Healing Through Reflection: My Journey from Bullying to Empowerment

Healing Through Reflection: My Journey from Bullying to Empowerment

Pausing To Reflect: Why it Matters

How often do you pause to reflect on your journey and how far you've come?

I don't mean listing prizes and accolades. Of course, those are important, but what I mean here is truly pausing to acknowledge your path through life in its entirety.

You might be shaking your head at this point: what is he talking about?

And you’d be forgiven for doing that—after all, I rarely looked back myself, always so focused on the future, chasing the next goal or thrill.

As I entered my fifth decade, though, I felt something shifting within me. Many call it a midlife crisis: I think that's reductive. To me, it's transformation. I believe in cycles, and life is made of them: one cycle ends, and another begins.

This year, my moment arrived. I'm right in between two cycles.

Driven by a desire to understand my purpose and unlock my potential, I realised that the only way forward was to go back and explore my past. And that's how it began: the story of my memoir (which is still very much a work in progress, by the way).
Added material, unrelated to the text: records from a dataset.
Lemma critical_refit {H : finType} (Xs : set (V0 -> R)) (th th' : param R V0 H V2) :
  {ae Pm, forall w, Xs (X w)} -> refits Xs th th' ->
  critical Pm loss X Y psi th -> critical Pm loss X Y psi th'.
Proof.
move=> onXs [pre sil resp] crit k.
split; first by have [_ [_ [_ []]]] := interchange _ th' k.
suff [k0 [c ->]] : exists k0 c, derive1 (fun t => cost (Defs.shift th' k t)) 0 =
    c * derive1 (fun t => cost (Defs.shift th k0 t)) 0.
  by rewrite (crit k0).2 mulr0.
case: k => [[[i j]|[j l]]|[j|l]].
- have [c sc] := scalar_out_weights (sil j).
  exists (inl (inl (i, j))), c; apply: derive_cost_scale; apply: filterS onXs => w xw.
  apply: (derive_lossline_hidden th th' _ j (fun x => x i)) => //; last exact: resp.
  by move=> *; apply: response_shift_in.
- exists (inl (inr (j, l))), 1; apply: derive_cost_scale; apply: filterS onXs => w xw.
  rewrite mul1r (lossline_refit_out th th' _ w (fun p l' => if l' == l then psi (p j) else 0)) //.
    by move=> *; apply: response_shift_out.
  exact: resp.
- have [c sc] := scalar_out_weights (sil j).
  exists (inr (inl j)), c; apply: derive_cost_scale; apply: filterS onXs => w xw.
  apply: (derive_lossline_hidden th th' _ j (fun _ => 1)) => //; last exact: resp.
  by move=> *; rewrite mul1r; exact: response_shift_bias.
- exists (inr (inr l)), 1; apply: derive_cost_scale; apply: filterS onXs => w xw.
  rewrite mul1r (lossline_refit_out th th' _ w (fun _ l' => (l' == l)%:R)) //.
    by move=> *; apply: response_shift_outbias.
  exact: resp.
Qed.
End OneOutput.
End Criticality.
End Network.

Theorem proposition6p5 (R : realType) (V0 V1 V2 : finType) (psi : R -> R)
  (d : measure_display) (Omega : measurableType d) (P : probability Omega R)
  (X : Omega -> V0 -> R)
  (hX : forall i : V0, measurable_fun setT (fun w => X w i))
  (th : param R V0 V1 V2)
  (hred : redundant (input_support P X) psi th) :
  exists (S : {set V1}) (tth : param R V0 {j : V1 | j \in S} V2),
    efficient (input_support P X) psi tth /\
    (forall x, input_support P X x ->
       forall l : V2, response psi th x l = response psi tth x l) /\
    ((#|V2| = 1)%N ->
      forall (Ty : Type) (loss : (V2 -> R) -> Ty -> R)
             (Pm : probability Omega R) (Y : Omega -> Ty),
      {ae Pm, forall w, input_support P X (X w)} ->
      (forall z : R, derivable psi z 1) ->
      (forall (y : Ty) (o : V2 -> R),
         derivable (fun t : R => loss (fun l => o l + t) y) 0 1) ->
      (forall (H : finType) (vth : param R V0 H V2) (k : pcoord V0 H V2),
         deriv_interchange Pm loss X Y psi vth k) ->
      critical Pm loss X Y psi th ->
      critical Pm loss X Y psi tth).
Proof.
have silent_off_all (j : V1) : j \notin [set: V1]%SET -> silent th j.
  by rewrite inE.
have [S [th' [fit silent_off eff]]] :=
  exists_efficient_pruning psi (input_support P X) _ th silent_off_all.
exists S, (prune S th'); split=> //; split.
  by move=> x xs l; rewrite response_prune //; case: fit => _ _ ->.
move=> one_output Ty loss Pm Y onXs dpsi dloss interchange crit.
apply: critical_prune => //.
by move: fit crit; apply: critical_refit.
Qed.
Lemma exists_orthogonal_qEHT_polys :
  exists (P : nat -> {poly R}) (d : nat -> R[i]),
    (forall n : nat, (n <= N)%N ->
       [/\ size (P n) = n.+1, qEHT q s1 a1 t0 t1 n (fun x => (P n).[x]) & d n != 0]) /\
    (forall m n : nat, (m <= N)%N -> (n <= N)%N ->
       jackson_qinv q a2 N
         (fun x => (P n).[x]%:C * (P m).[x]%:C * rho q a2 (q^-1 * a1) alpha x)
       = if m == n then d n else 0).
Proof.
have lambda_neq i n : i != n -> lambda q s1 t1 i != lambda q s1 t1 n.
  exact: lambda_inj.
pose P n := tri_eigenpoly (lambda q s1 t1) (nu q s1 a1 t0) n.
have P_qEHT n : qEHT q s1 a1 t0 t1 n (horner (P n)).
  apply: qEHT_horner; first exact/negbT/lt_eqF.
  by apply: tri_eigenpoly_rec => i lt_in; rewrite lambda_neq // ltn_eqF.
have P_eigen n k (_ : (k <= N)%N) :
    diff_op fwd_coef bwd_coef (horner (P n) \o grid) k
    = - lambda q s1 t1 n * (horner (P n) \o grid) k.
  exact: qEHT_diff_op.
pose d n := jackson_qinv q a2 N
  (fun x => (P n).[x]%:C * (P n).[x]%:C * rho q a2 (q^-1 * a1) alpha x).
exists P, d; split => [n le_nN | m n le_mN le_nN].
  split; [exact: size_tri_eigenpoly | exact: P_qEHT |].
  rewrite /d jackson_wsum !mulf_neq0 ?cexpR_neq0 //.
  - by rewrite fmorph_eq0 mulf_neq0 ?(gt_eqF a2_gt0) // subr_eq0 gt_eqF // invf_gt1.
  - rewrite fmorph_eq0 gt_eqF // wsum_sqr_horner_gt0 ?size_tri_eigenpoly //.
    + exact: weight_gt0.
    + exact: grid_inj.
    + by rewrite -size_poly_eq0 size_tri_eigenpoly.
have [->|neq_mn] := eqVneq m n; first by [].
rewrite jackson_wsum (wsum_eigen_orthogonal _ _ _ _ fwd_coef_N weight_pearson
  _ _ _ _ (P_eigen n) (P_eigen m)) ?rmorph0 ?mulr0 //.
by rewrite eqr_opp lambda_neq // eq_sym.
Qed.

End QLattice.
(* Let $M := \langle X \mid R\rangle$ where $R$ is symmetric, and let $N$ be the additive submonoid of $\mathbb{Z}$ generated by $\{|a|-|b| : (a,b)\in R\}$. (1) If $a,b\in\langle X\rangle$ satisfy $a =_M b$, then $|a|-|b| \in N$. (2) Let $a,b \in\langle X\rangle$ be such that $a =_M b$, $|b|<|a|$, and there is no $c \in \mathsf{Z}_M(a)$ with $|b|<|c|<|a|$. Then there exist $e,f \in \langle X\rangle$ with $(e,f)\in R$ and $|a|-|b| \le |e|-|f|$. (3) For every $n \in N$ there exist $a,b\in\langle X\rangle$ with $a =_M b$ and $n = |a|-|b|$. (4) If $N \neq \{0\}$, then $N = d\mathbb{Z}$, where $d = \gcd(N) = \min(\Delta(M)) = \gcd(\Delta(M))$.
   Context: For a set $X$, $\langle X\rangle$ is the free monoid on $X$ (identity $1$); $M=\langle X\mid R\rangle$ is the monoid presented by generators $X$ and relations $R\subseteq\langle X\rangle\times\langle X\rangle$. $R$ is symmetric if $(a,b)\in R$ implies $(b,a)\in R$. For $a,b\in\langle X\rangle$, $a=_M b$ means equal images in $M$; $|a|$ is word length. $\mathsf{Z}_M(a) := \{b\in\langle X\rangle : b =_M a\}$, $\mathsf{L}_M(a) := \{|b| : b\in\mathsf{Z}_M(a)\}$, $\mathcal{L}(M) := \{\mathsf{L}_M(a): a\in\langle X\rangle\}$. For $L\subseteq\mathbb{N}$, $d\in\mathbb{N}^+$ is a distance of $L$ if $[k,k+d]\cap L=\{k,k+d\}$ for some $k\in L$; $\Delta(L)$ is the set of distances of $L$, and $\Delta(M) := \bigcup_{L\in\mathcal{L}(M)}\Delta(L)$. *)

From mathcomp Require Import all_boot all_order all_algebra.
Set Implicit Arguments. Unset Strict Implicit. Unset Printing Implicit Defensive.
Import Order.TTheory GRing.Theory Num.Theory.

Section Pres.
Variable X : Type.
(* A presentation <X | R> with R a (possibly infinite) relation on the free monoid seq X. *)
Variable R : seq X -> seq X -> Prop.

Definition sym_rel : Prop := forall a b, R a b -> R b a.

Inductive pstep : seq X -> seq X -> Prop :=
  | pstep_intro u v a b : R a b -> pstep (u ++ a ++ v) (u ++ b ++ v).

(* a =_M b : the congruence generated by R (refl-sym-trans closure of pstep) *)
Inductive presEq : seq X -> seq X -> Prop :=
  | presEq_refl a : presEq a a
  | presEq_step a b : pstep a b -> presEq a b
  | presEq_sym a b : presEq a b -> presEq b a
  | presEq_trans a b c : presEq a b -> presEq b c -> presEq a c.

Inductive inN : int -> Prop :=
  | inN0 : inN 0
  | inN_gen a b : R a b -> inN ((size a)%:Z - (size b)%:Z)%R
  | inN_add m n : inN m -> inN n -> inN (m + n)%R.

Definition factorizations (a : seq X) : seq X -> Prop := fun b => presEq b a.

Definition lengths (a : seq X) : nat -> Prop :=
  fun n => exists b, factorizations a b /\ size b = n.

End Pres.

Definition is_distance (L : nat -> Prop) (d : nat) : Prop :=
  (0 < d)%N /\ exists k, L k /\ L (k + d) /\ forall m, (k < m < k + d)%N -> ~ L m.

Definition DeltaM (X : Type) (R : seq X -> seq X -> Prop) (d : nat) : Prop :=
  exists a : seq X, is_distance (lengths R a) d.

(* A word-length difference between equal elements of M telescopes along a
   rewriting chain into differences |e| - |f| of relations, so it lies in N;
   conversely concatenating relators realises every element of N.  If no
   factorization of a has length strictly between |b| and |a|, some single
   step of a chain from a to b must jump across that gap, which bounds
   |a| - |b| by one relation.  Finally N, being a submonoid of Z closed under
   negation, is the subgroup dZ for its least positive element d; every
   distance of a length set lies in N, and d itself is a distance because a
   factorization of length strictly between |b| and |b| + d would give a
   positive element of N below d. *)
From mathcomp Require Import all_boot all_order all_algebra.
From mathcomp Require Import zify.
From Stdlib Require Import ClassicalEpsilon.

Set Implicit Arguments.
Unset Strict Implicit.
Unset Printing Implicit Defensive.
Import Order.TTheory GRing.Theory Num.Theory.
Local Open Scope ring_scope.

Lemma ex_minP_classic (P : nat -> Prop) :
  (exists n, P n) -> exists m, P m /\ forall k, P k -> (m <= k)%N.
Proof.
move=> [n Pn].
pose p k : bool := excluded_middle_informative (P k).
have Pp k : P k <-> p k by rewrite /p; case: excluded_middle_informative.
have exp : exists k, p k by exists n; apply/Pp.
case: (ex_minnP exp) => m /Pp Pm m_min.
by exists m; split=> // k /Pp /m_min.
Qed.

Section Presentation.
Variable X : Type.
Variable R : seq X -> seq X -> Prop.

Definition size_diff (a b : seq X) : int := (size a)%:Z - (size b)%:Z.

Lemma size_diff_cat a1 a2 b1 b2 :
  size_diff (a1 ++ a2) (b1 ++ b2) = size_diff a1 b1 + size_diff a2 b2.
Proof. rewrite /size_diff !size_cat; lia. Qed.

Lemma size_diff_ctx u v a b : size_diff (u ++ a ++ v) (u ++ b ++ v) = size_diff a b.
Proof. rewrite /size_diff !size_cat; lia. Qed.

Lemma presEq_ctx u v a b : presEq R a b -> presEq R (u ++ a ++ v) (u ++ b ++ v).
Proof.
elim=> {a b} [a|_ _ [s t e f Ref]|a b _ IH|a b c _ IH1 _ IH2].
- exact: presEq_refl.
- by apply: presEq_step; have := pstep_intro (u ++ s) (t ++ v) Ref; rewrite -!catA.
- exact: presEq_sym.
- exact: presEq_trans IH1 IH2.
Qed.

Lemma presEq_cat a1 a2 b1 b2 :
  presEq R a1 b1 -> presEq R a2 b2 -> presEq R (a1 ++ a2) (b1 ++ b2).
Proof.
move=> eq1 eq2; apply: (@presEq_trans _ _ _ (b1 ++ a2)).
- by have := presEq_ctx [::] a2 eq1.
- by have := presEq_ctx b1 [::] eq2; rewrite !cats0.
Qed.

Lemma presEq_rel a b : R a b -> presEq R a b.
Proof. by move=> Rab; apply: presEq_step; have := pstep_intro [::] [::] Rab; rewrite /= !cats0. Qed.

Lemma inN_size_diff_presEq n :
  inN R n -> exists a b, presEq R a b /\ n = size_diff a b.
Proof.
elim=> [|a b Rab|m k _ [a1 [b1 [eq1 ->]]] _ [a2 [b2 [eq2 ->]]]].
- by exists [::], [::]; split; [exact: presEq_refl|].
- by exists a, b; split; [exact: presEq_rel|].
- exists (a1 ++ a2), (b1 ++ b2); split; first exact: presEq_cat.
  by rewrite size_diff_cat.
Qed.

Hypothesis R_sym : sym_rel R.

Lemma inN_opp n : inN R n -> inN R (- n).
Proof.
elim=> [|a b Rab|m k _ INm _ INk].
- by rewrite oppr0; exact: inN0.
- by rewrite opprB; apply: inN_gen; exact: R_sym.
- by rewrite opprD; exact: inN_add.
Qed.

Lemma inN_mulz q n : inN R n -> inN R (q * n).
Proof.
move=> INn; have INmuln k : inN R (k%:Z * n).
  elim: k => [|k IH]; first by rewrite mul0r; exact: inN0.
  by rewrite intS mulrDl mul1r; exact: inN_add.
by case: q => k; rewrite ?NegzE ?mulNr; [|apply: inN_opp].
Qed.

Lemma presEq_size_diff_inN a b : presEq R a b -> inN R (size_diff a b).
Proof.
elim=> {a b} [a|_ _ [u v e f Ref]|a b _ IH|a b c _ IH1 _ IH2].
- by rewrite /size_diff subrr; exact: inN0.
- by rewrite size_diff_ctx; exact: inN_gen.
- by have := inN_opp IH; rewrite /size_diff opprB.
- by have := inN_add IH1 IH2; rewrite /size_diff addrA subrK.
Qed.

Section LengthGap.
Variables (a : seq X) (lo hi : nat).
Hypothesis lo_lt_hi : (lo < hi)%N.
Hypothesis gap : forall c, presEq R c a -> (size c <= lo)%N \/ (hi <= size c)%N.

Definition crosses_gap (x y : seq X) : Prop :=
  (hi <= size x /\ size y <= lo)%N \/ (size x <= lo /\ hi <= size y)%N.

(* Every word of the chain lies in the class of a, hence on one side of the
   gap, so a crossing chain contains a crossing single step. *)
Lemma crossing_step x y : presEq R x y -> presEq R x a -> crosses_gap x y ->
  exists e f, R e f /\ hi%:Z - lo%:Z <= size_diff e f.
Proof.
elim=> {x y} [x|_ _ [u v e f Ref]|x y xy IH|x y z xy IH1 yz IH2] xa.
- by rewrite /crosses_gap; lia.
- rewrite /crosses_gap !size_cat => -[] cross.
  + by exists e, f; split=> //; rewrite /size_diff; lia.
  + by exists f, e; split; [exact: R_sym|rewrite /size_diff; lia].
- move=> cross; apply: IH; first exact: presEq_trans xy xa.
  by move: cross; rewrite /crosses_gap; tauto.
- have ya : presEq R y a by exact: presEq_trans (presEq_sym xy) xa.
  move=> cross; have [y_lo|y_hi] := gap ya.
  + case: cross => -[x_side z_side]; first by apply: IH1 => //; left.
    by apply: IH2 => //; right.
  + case: cross => -[x_side z_side]; first by apply: IH2 => //; left.
    by apply: IH1 => //; right.
Qed.

End LengthGap.

Lemma length_gap_bound a b : presEq R a b -> (size b < size a)%N ->
  ~ (exists c, factorizations R a c /\ (size b < size c < size a)%N) ->
  exists e f, R e f /\ size_diff a b <= size_diff e f.
Proof.
move=> ab b_lt_a no_mid.
have gap c : presEq R c a -> (size c <= size b)%N \/ (size a <= size c)%N.
  move=> ca; have [|c_lt_a] := leqP (size a) (size c); first by right.
  left; rewrite leqNgt; apply/negP => b_lt_c.
  by apply: no_mid; exists c; rewrite b_lt_c c_lt_a.
apply: (crossing_step b_lt_a gap ab (presEq_refl _ _)).
by left.
Qed.

Lemma inN_least_pos : (exists z, inN R z /\ z <> 0) ->
  exists d : nat, [/\ (0 < d)%N, inN R d%:Z &
                      forall k : nat, (0 < k)%N -> inN R k%:Z -> (d <= k)%N].
Proof.
case=> z [INz z_neq0].
have [n [n_gt0 INn]] : exists n : nat, (0 < n)%N /\ inN R n%:Z.
  case: z INz z_neq0 => k INk k_neq0; first by exists k; split=> //; lia.
  by exists k.+1; split=> //; have := inN_opp INk; rewrite NegzE opprK.
have [|d [[d_gt0 INd] d_min]] := @ex_minP_classic (fun k => 0 < k /\ inN R k%:Z)%N.
  by exists n.
by exists d; split=> // k k_gt0 INk; apply: d_min.
Qed.

Section LeastPositive.
Variable d : nat.
Hypothesis d_gt0 : (0 < d)%N.
Hypothesis inN_d : inN R d%:Z.
Hypothesis d_min : forall k : nat, (0 < k)%N -> inN R k%:Z -> (d <= k)%N.

(* The remainder z mod d is again in N and lies in [0, d), so it vanishes. *)
Lemma inN_dvdzP z : inN R z <-> (d%:Z %| z)%Z.
Proof.
split=> [INz|/dvdzP [q ->]]; last exact: inN_mulz.
have INr : inN R (z %% d)%Z.
  rewrite /modz; apply: inN_add => //.
  by rewrite -mulNr; exact: inN_mulz.
have r_lt_d : (z %% d)%Z < d%:Z by apply: ltz_pmod; lia.
have [k r_eq] : exists k : nat, (z %% d)%Z = k%:Z.
  by exists `|(z %% d)%Z|%N; rewrite gez0_abs // modz_ge0 // lt0n_neq0.
apply/dvdz_mod0P; rewrite r_eq in INr r_lt_d *.
case: k {r_eq} INr r_lt_d => [//|k] INk k_lt_d.
by have := d_min (ltn0Sn k) INk; lia.
Qed.

Lemma DeltaM_dvdn d' : DeltaM R d' -> (d %| d')%N.
Proof.
case=> a [_ [k [[c1 [c1a <-]] [[c2 [c2a size_c2]] _]]]].
have := presEq_size_diff_inN (presEq_trans c2a (presEq_sym c1a)).
by rewrite inN_dvdzP dvdzE /size_diff size_c2 (distnEl (leq_addr _ _)) addKn.
Qed.

Lemma DeltaM_least_pos : DeltaM R d.
Proof.
have [a [b [ab d_eq]]] := inN_size_diff_presEq inN_d.
have size_a : size a = (size b + d)%N by move: d_eq; rewrite /size_diff; lia.
exists a; split=> //; exists (size b); split; first by exists b; split=> //; exact: presEq_sym.
split; first by exists a; split; [exact: presEq_refl|].
move=> m /andP [b_lt_m m_lt] [c [ca size_c]].
have := presEq_size_diff_inN (presEq_trans ca ab).
rewrite inN_dvdzP dvdzE /size_diff size_c (distnEl (ltnW b_lt_m)) => /dvdn_leq.
by rewrite subn_gt0 => /(_ b_lt_m); lia.
Qed.

End LeastPositive.

End Presentation.

Theorem lemma4p2 (X : Type) (R : seq X -> seq X -> Prop) (HR : sym_rel R) :
  (* (1) *)
  (forall a b : seq X, presEq R a b ->
     inN R ((size a)%:Z - (size b)%:Z)) /\
  (* (2) *)
  (forall a b : seq X, presEq R a b -> (size b < size a)%N ->
     ~ (exists c, factorizations R a c /\ (size b < size c < size a)%N) ->
     exists e f : seq X, R e f /\
       (size a)%:Z - (size b)%:Z <= (size e)%:Z - (size f)%:Z) /\
  (* (3) *)
  (forall n : int, inN R n ->
     exists a b : seq X, presEq R a b /\ n = (size a)%:Z - (size b)%:Z) /\
  (* (4) *)
  ((exists z : int, inN R z /\ z <> 0) ->
   exists d : nat,
     (* N = dZ *)
     (forall z : int, inN R z <-> (d%:Z %| z)%Z) /\
     (* d = gcd(N): d >= 0 divides every element of N, and every common divisor of N divides d *)
     ((forall z, inN R z -> (d%:Z %| z)%Z) /\
      (forall e : int, (forall z, inN R z -> (e %| z)%Z) -> (e %| d%:Z)%Z)) /\
     (* d = min Delta(M) *)
     (DeltaM R d /\ forall d', DeltaM R d' -> (d <= d')%N) /\
     (* d = gcd Delta(M) *)
     ((forall d', DeltaM R d' -> (d %| d')%N) /\
      (forall e : nat, (forall d', DeltaM R d' -> (e %| d')%N) -> (e %| d)%N))).
Proof.
split; first exact: presEq_size_diff_inN.
split; first exact: length_gap_bound.
split; first exact: inN_size_diff_presEq.
move=> /(inN_least_pos HR) [d [d_gt0 INd d_min]].
have N_eq := inN_dvdzP HR d_gt0 INd d_min.
have Delta_dvd := DeltaM_dvdn HR d_gt0 INd d_min.
have Delta_d := DeltaM_least_pos HR d_gt0 INd d_min.
exists d; split=> //; split; first by split=> [z /N_eq //|e]; apply.
split; split=> //; last by move=> e; apply.
by move=> d' Dd'; apply: dvdn_leq _ (Delta_dvd _ Dd'); case: Dd' => ? [].
Qed.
Writing a memoir isn't for the faint-hearted. It's a slow, often painful process of reliving memories, some pleasant, some less so. Nevertheless, it's incredibly insightful. It is the ultimate recognition of how far one has come, both in space and time. To someone like me, a high-achiever with an anxiety disorder, there's no greater sense of accomplishment!

Starting Anew in a Foreign Land: Hopes, Ideals and a Harsh Truth

Seventeen years ago, I left Italy for the UK. Fourteen years ago, at 26, I began my professional journey. Until then, my family supported me financially, allowing me to focus on my studies. I'll always be grateful, but starting work so 'late,' especially in a foreign country with a new language, was challenging. Despite my age, I still felt like a child inside, unsure of my identity or future.

I approached work with a solid ethic and a desire to excel. I thought that would be enough to guarantee success. How na?ve! Of course, nothing in life is ever that simple, and I soon learned the harsh truth about workplace bullying. In a previous post, I discussed my anxiety and depression: while many factors contributed to my condition, workplace bullying was by far the greatest trigger (and a major obstacle to my professional development).

The Many Faces of Bullying

As bullying can take many forms, it can be very hard to identify. Unaware of the dynamics in a foreign workplace and trusting that it was all “friendly banter,” I often gaslit myself into thinking I was just too sensitive.

Now that I have learned to honor my feelings and set boundaries, I know that what I went through wasn’t merely due to being a highly sensitive person. Reflecting on the past 14 years, the sheer magnitude of what I endured truly stunned me.

What I experienced ranged from inappropriate comments about my sexuality, personal relationships, accent, choice of clothing, and health and fitness lifestyle, to more serious episodes including being deliberately set up for failure and micromanaged to prevent me from developing and thriving at work. On a particular instance, I was treated as a scapegoat for a mistake I didn’t make and was physically detained in the office until well past 7 pm. I still remember feeling a mixture of terror and horror as if my life were endangered.

Freedom Is What You Do With What's Been Done To You

Each and every single one of these episodes caused immense hurt, pain, isolation, depression, anxiety, and at its worst, suicidal ideation.

I've spent countless hours seeking reasons for the bullying: I thought knowing why would end the pain. In time, I realized how wrong I was. I once read that “Freedom is what you do with what’s been done to you,” and indeed, I found freedom in choosing how to respond to the pain—owning my experiences and finding strength in them.

For a long time, I regretted all the professional development and opportunities I’ve lost to bullying. But what I lost, I made up in courage and bravery.

To those suffering from bullying, I know it is an incredibly lonely, hopeless, and dark place to be, but don’t give up hope. It can get better. There's hope because people are fighting for you. And one day, when you look back, you will stand proud in acknowledging just how much you’ve accomplished. You will realize what a brave warrior you have become, and that by owning your own truth, nothing will stand in the way of your dreams.

Thank you for sharing your story Vittorio, I'm glad I took the time to read it. I'm sorry you went through these bad experiences - some people don't realise how seemingly small comments and actions can make a big impact on someone's mental health and confidence. I'm glad that through reflection and a positive mindset you have made it through.